We will use the Pandas function *dataframe.corr()* to find the correlation between numeric variables only. 
The return of this function give us a score ranging from -1 to 1 that indicates if there is a strong linear relationship in a positive or negative direction.

In [None]:
corr = data.corr()
print(corr)

In [None]:
# Set up the matplotlib figure
f, ax = plt.subplots(figsize=(11, 9))
plt.title('Correlation Analysis with Original Data')
# Draw the heatmap with the mask and correct aspect ratio
ca = sns.heatmap(corr, cmap='coolwarm',center=0, vmin = -1,
            square=True, linewidths=1, cbar_kws={"shrink": .8}, annot = True)

In [None]:
sns.set(style="ticks", color_codes=True)
g = sns.pairplot(data)

Looking at the scores and the graphs we can say that the three scores are highly related, students who do well in one subject are more likely to do well in the other subjects.

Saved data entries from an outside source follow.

(* In the planted $k$-factor model with $p=\lambda/n$, assume $k\lambda\ge 1+\epsilon$ for some constant $\epsilon>0$. Then for every $\delta>0$ and every realization of $H^*$, $$\mathbb P\Big(|\mathcal H_{\rm good}(G)|\le \tfrac{k\lambda}{k\lambda-1}(k\lambda)^{\delta n}\ \Big|\ H^*\Big)\ge 1-(k\lambda)^{-\delta n/2}.$$
   Context: Planted $k$-factor model: fix an integer $k\ge1$ and $n$ with $kn$ even. A $k$-factor on $[n]$ is a $k$-regular simple graph with vertex set $[n]$, identified with its edge set; $\mathcal H$ is the set of all $k$-factors on $[n]$. Let $p=\lambda/n\in[0,1]$. Draw $H^*$ uniformly at random from $\mathcal H$ and, independently, $G_0\sim\mathcal G(n,p)$. The observed graph is $G=G_0\cup H^*$. For $H\in\mathcal H$, $\ell(H,H^* )=|H\triangle H^*|/(kn/2)$. For $\delta>0$, $\mathcal H_{\rm good}(G)=\{H\in\mathcal H:\ \ell(H,H^* )<2\delta/k,\ H\subseteq E(G)\}$. *)

From HB Require Import structures.
From mathcomp Require Import all_boot all_order all_algebra.
From mathcomp Require Import boolp classical_sets reals exp.
Set Implicit Arguments. Unset Strict Implicit. Unset Printing Implicit Defensive.
Import Order.TTheory GRing.Theory Num.Theory.
Local Open Scope ring_scope.

(* Vertex set [n] is 'I_n; an edge is a 2-element subset of 'I_n;
   a (simple) graph is identified with its edge set, a {set {set 'I_n}}. *)
Definition pairs (n : nat) : {set {set 'I_n}} := [set e : {set 'I_n} | #|e| == 2%N].

Definition is_kfactor (n k : nat) (H : {set {set 'I_n}}) : bool :=
  (H \subset pairs n) && [forall v : 'I_n, #|[set e in H | v \in e]| == k].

**Math, reading and writing score are have a strong positive linear relationship.**

## 2. Working with categorical variables <a class="anchor" id="second-bullet"></a>

We are going to explore two options here: label encoding and one-hot encoding.

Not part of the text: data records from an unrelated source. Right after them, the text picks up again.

Lemma powerRZ_double_add (x : R) (n : nat) (t : Z) : x <> 0 ->
  powerRZ x (2 * Z.of_nat n + t) = (x * x) ^ n * powerRZ x t.
Proof.
  intros Hx. rewrite powerRZ_add by exact Hx.
  replace (2 * Z.of_nat n)%Z with (Z.of_nat (2 * n)) by lia.
  rewrite <- pow_powerRZ, pow_mult. simpl (x ^ 2). rewrite Rmult_1_r. reflexivity.
Qed.

Lemma powerRZ_add2_add (x : R) (t : Z) : x <> 0 ->
  powerRZ x (t + 2) + powerRZ x t = (x + / x) * powerRZ x (t + 1).
Proof. intros Hx. rewrite !powerRZ_add by exact Hx. simpl. field. exact Hx. Qed.

Lemma alpha_add_inv : alpha + / alpha = sqrt 5.
Proof. rewrite inv_alpha, <- alpha_sub_beta. ring. Qed.

Lemma beta_add_inv : beta + / beta = - sqrt 5.
Proof. rewrite inv_beta, <- alpha_sub_beta. ring. Qed.

Lemma sqrt15_mul : sqrt 15 = sqrt 3 * sqrt 5.
Proof. rewrite <- sqrt_mult by lra. f_equal. ring. Qed.

Lemma sqrt15_combination (G H : R) :
  sqrt 15 / 10 * (2 * sqrt 5 * G * ln alpha + H * ln 3)
  = sqrt 3 / 2 * (2 * G * ln alpha + H / sqrt 5 * ln 3).
Proof.
  pose proof sqrt5_gt_1.
  transitivity (sqrt 3 / 10 * (sqrt 5 * sqrt 5 * (2 * G * ln alpha)
                               + sqrt 5 * sqrt 5 * (H / sqrt 5 * ln 3))).
  - rewrite sqrt15_mul. field. lra.
  - rewrite sqrt5_sqr. field. lra.
Qed.

Section Binet.

Variables a b : R.

Let P := (b - a * beta) / sqrt 5.
Let Q := (a * alpha - b) / sqrt 5.

Lemma gib_pos_binet n : gib_pos a b n = P * alpha ^ n + Q * beta ^ n.
Proof.
  assert (Hden : alpha - beta <> 0) by (rewrite alpha_sub_beta; pose proof sqrt5_gt_1; lra).
  induction n as [| |n IH0 IH1] using nat_ind2.
  - unfold P, Q. rewrite <- alpha_sub_beta. simpl. field. exact Hden.
  - unfold P, Q. rewrite <- alpha_sub_beta. simpl. field. exact Hden.
  - change (gib_pos a b (S (S n))) with (gib_pos a b (S n) + gib_pos a b n).
    rewrite IH0, IH1, (pow_add2_golden _ n alpha_sqr), (pow_add2_golden _ n beta_sqr).
    ring.
Qed.

Lemma gib_neg_binet n : gib_neg a b n = P * (- beta) ^ n + Q * (- alpha) ^ n.
Proof.
  assert (Hden : alpha - beta <> 0) by (rewrite alpha_sub_beta; pose proof sqrt5_gt_1; lra).
  assert (Hsum : alpha + beta = 1) by (unfold alpha, beta; field).
  induction n as [| |n IH0 IH1] using nat_ind2.
  - unfold P, Q. rewrite <- alpha_sub_beta. simpl. field. exact Hden.
  - unfold P, Q. rewrite <- alpha_sub_beta. simpl.
    replace beta with (1 - alpha) in * by lra. field. exact Hden.
  - change (gib_neg a b (S (S n))) with (gib_neg a b n - gib_neg a b (S n)).
    rewrite IH0, IH1, (pow_opp_add2_golden _ n alpha_sqr), (pow_opp_add2_golden _ n beta_sqr).
    ring.
Qed.

Lemma gib_binet j : gib a b j = P * powerRZ alpha j + Q * powerRZ beta j.
Proof.
  unfold gib. destruct (Z.leb_spec 0 j) as [Hj|Hj].
  - rewrite gib_pos_binet, !pow_powerRZ, Z2Nat.id by exact Hj. reflexivity.
  - rewrite gib_neg_binet.
    remember (Z.to_nat (- j)) as k.
    replace j with (- Z.of_nat k)%Z by lia.
    rewrite !powerRZ_neg', <- !pow_powerRZ, <- !pow_inv, inv_alpha, inv_beta.
    reflexivity.
Qed.

Lemma gib_add2_add t :
  gib a b (t + 2) + gib a b t = sqrt 5 * (P * powerRZ alpha (t + 1) - Q * powerRZ beta (t + 1)).
Proof.
  pose proof alpha_gt_1. pose proof beta_lt_0.
  rewrite !gib_binet.
  transitivity (P * (powerRZ alpha (t + 2) + powerRZ alpha t)
                + Q * (powerRZ beta (t + 2) + powerRZ beta t)); [ring|].
  rewrite !powerRZ_add2_add, alpha_add_inv, beta_add_inv by lra. ring.
Qed.

Lemma term_gib_binet t n :
  term (gib a b) t n
  = binom_Odd_harm n * (alpha * alpha / 12) ^ n * (P * powerRZ alpha t)
    + binom_Odd_harm n * (beta * beta / 12) ^ n * (Q * powerRZ beta t).
Proof.
  pose proof alpha_gt_1. pose proof beta_lt_0.
  unfold term, binom_Odd_harm, central_binom.
  rewrite gib_binet, !powerRZ_double_add by lra.
  unfold Rdiv. rewrite !Rpow_mult_distr, !pow_inv. ring.
Qed.

Lemma is_series_term_gib t :
  is_series (term (gib a b) t)
    (sqrt 3 / 2 * (2 * gib a b (t + 1) * ln alpha + (gib a b (t + 2) + gib a b t) / sqrt 5 * ln 3)).
Proof.
  pose proof alpha_gt_1. pose proof beta_lt_0. pose proof sqrt5_gt_1.
  eapply is_series_ext; [intros n; symmetry; apply term_gib_binet|].
  replace (sqrt 3 / 2 * (2 * gib a b (t + 1) * ln alpha + (gib a b (t + 2) + gib a b t) / sqrt 5 * ln 3))
    with (sqrt 3 / 2 * Rabs alpha * (ln 3 + 2 * ln (Rabs alpha)) * (P * powerRZ alpha t)
          + sqrt 3 / 2 * Rabs beta * (ln 3 + 2 * ln (Rabs beta)) * (Q * powerRZ beta t)).
  - apply (is_series_plus (V := R_NormedModule));
      apply is_series_scal_r, is_series_binom_Odd_harm_golden; [apply alpha_sqr|apply beta_sqr].
  - rewrite gib_add2_add, gib_binet.
    rewrite Rabs_pos_eq, Rabs_left, <- inv_alpha, ln_Rinv, inv_alpha, !powerRZ_add,
      !powerRZ_1 by lra.
    field. lra.
Qed.

End Binet.

Lemma sqrt5_div : 5 / sqrt 5 = sqrt 5.
Proof.
  pose proof sqrt5_gt_1.
  apply (Rmult_eq_reg_r (sqrt 5)); [|lra]. rewrite sqrt5_sqr. field. lra.
Qed.

Lemma one_sub_double_beta : 1 - 2 * beta = sqrt 5.
Proof. unfold beta. field. Qed.

Lemma double_alpha_sub_one : 2 * alpha - 1 = sqrt 5.
Proof. unfold alpha. field. Qed.

Lemma Fib_binet j : Fib j = (powerRZ alpha j - powerRZ beta j) / sqrt 5.
Proof. pose proof sqrt5_gt_1. unfold Fib. rewrite gib_binet. field. lra. Qed.

Lemma Luc_binet j : Luc j = powerRZ alpha j + powerRZ beta j.
Proof.
  pose proof sqrt5_gt_1.
  unfold Luc. rewrite gib_binet, one_sub_double_beta, double_alpha_sub_one. field. lra.
Qed.

Lemma Fib_add2_add t : Fib (t + 2) + Fib t = Luc (t + 1).
Proof.
  pose proof sqrt5_gt_1. unfold Fib. rewrite gib_add2_add, Luc_binet. field. lra.
Qed.

Lemma Luc_add2_add t : Luc (t + 2) + Luc t = 5 * Fib (t + 1).
Proof.
  pose proof sqrt5_gt_1.
  unfold Luc. rewrite gib_add2_add, one_sub_double_beta, double_alpha_sub_one, Fib_binet.
  transitivity (sqrt 5 * sqrt 5 * ((powerRZ alpha (t + 1) - powerRZ beta (t + 1)) / sqrt 5)).
  - field. lra.
  - rewrite sqrt5_sqr. reflexivity.
Qed.

Lemma term_0 (X : Z -> R) t : term X t 0 = 0.
Proof. unfold term. simpl. field. Qed.

Lemma is_series_term_gib_succ a b t :
  is_series (fun k => term (gib a b) t (S k))
    (sqrt 15 / 10 * (2 * sqrt 5 * gib a b (t + 1) * ln alpha
                     + (gib a b (t + 2) + gib a b t) * ln 3)).
Proof.
  apply is_series_incr_1.
  rewrite term_0. change (plus ?V 0) with (plus V zero).
  rewrite plus_zero_r, sqrt15_combination. apply is_series_term_gib.
Qed.

Theorem theorem17 :
  forall t : Z,
    is_series (fun k : nat => term Luc t (S k))
      (sqrt 3 / 2 * (2 * Luc (t + 1)%Z * ln alpha + sqrt 5 * Fib (t + 1)%Z * ln 3))
    /\ is_series (fun k : nat => term Fib t (S k))
      (sqrt 15 / 10 * (2 * sqrt 5 * Fib (t + 1)%Z * ln alpha + Luc (t + 1)%Z * ln 3))
    /\ (forall a b : R, ~ (a = 0 /\ b = 0) ->
         is_series (fun k : nat => term (gib a b) t (S k))
           (sqrt 15 / 10 * (2 * sqrt 5 * gib a b (t + 1)%Z * ln alpha
                            + (gib a b (t + 2)%Z + gib a b t) * ln 3))).
Proof.
  intros t. split; [|split].
  - replace (sqrt 3 / 2 * (2 * Luc (t + 1)%Z * ln alpha + sqrt 5 * Fib (t + 1)%Z * ln 3))
      with (sqrt 15 / 10 * (2 * sqrt 5 * Luc (t + 1)%Z * ln alpha + (Luc (t + 2) + Luc t) * ln 3)).
    + apply is_series_term_gib_succ.
    + pose proof sqrt5_gt_1.
      rewrite sqrt15_combination, Luc_add2_add.
      replace (5 * Fib (t + 1) / sqrt 5) with (5 / sqrt 5 * Fib (t + 1)) by (field; lra).
      rewrite sqrt5_div. reflexivity.
  - rewrite <- Fib_add2_add. apply is_series_term_gib_succ.
  - (* the identity also holds for the zero sequence *)
    intros a b _. apply is_series_term_gib_succ.
Qed.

### 2.1 Label Encoding <a class="anchor" id="label-encoding"></a>

This approach consists in converting each value in a column to a number: in column *Lunch* 'standard' will be represented by a 1 and 'free/reduced' by a 0.

In [None]:
data_label_encoding = data.copy()

In [None]:
# Another option using sklearn:

# from sklearn.preprocessing import LabelEncoder
# creating instance of labelencoder
# labelencoder = LabelEncoder()
# Assigning numerical values and storing in another column
# bridge_df['Bridge_Types_Cat'] = labelencoder.fit_transform(bridge_df['Bridge_Types'])

In [None]:
# converting type of columns to 'category'
data_label_encoding['gender']= data_label_encoding['gender'].astype('category')
data_label_encoding['race/ethnicity']= data_label_encoding['race/ethnicity'].astype('category')
data_label_encoding['parental level of education']= data_label_encoding['parental level of education'].astype('category')
data_label_encoding['lunch']= data_label_encoding['lunch'].astype('category')
data_label_encoding['test preparation course']= data_label_encoding['test preparation course'].astype('category')

In [None]:
# Assigning numerical values and storing in another column
data_label_encoding['gender_cat']= data_label_encoding['gender'].cat.codes
data_label_encoding['race/ethnicity_cat']= data_label_encoding['race/ethnicity'].cat.codes
data_label_encoding['parental level of education_cat']= data_label_encoding['parental level of education'].cat.codes
data_label_encoding['lunch_cat']= data_label_encoding['lunch'].cat.codes
data_label_encoding['test preparation course_cat']= data_label_encoding['test preparation course'].cat.codes

In [None]:
data_label_encoding.info()

In [None]:
corr_label_encoding = data_label_encoding.corr()

# Set up the matplotlib figure
f, ax = plt.subplots(figsize=(11, 9))
plt.title('Correlation Analysis with Label Encoding')
# Draw the heatmap with the mask and correct aspect ratio
ca = sns.heatmap(corr_label_encoding, cmap='coolwarm',center=0, vmin = -1,
            square=True, linewidths=1, cbar_kws={"shrink": .8}, annot = True)

Label encoding has one great disadvantage: the numeric values may be misinterpreted by algorithms as having some kind of order. If gender / race category assinged group A, B, C, D and E to values 0, 1, 2, 3 and 4 respectively it may be assumed by the algorithm that somehow group E is hierarchically greater than group A.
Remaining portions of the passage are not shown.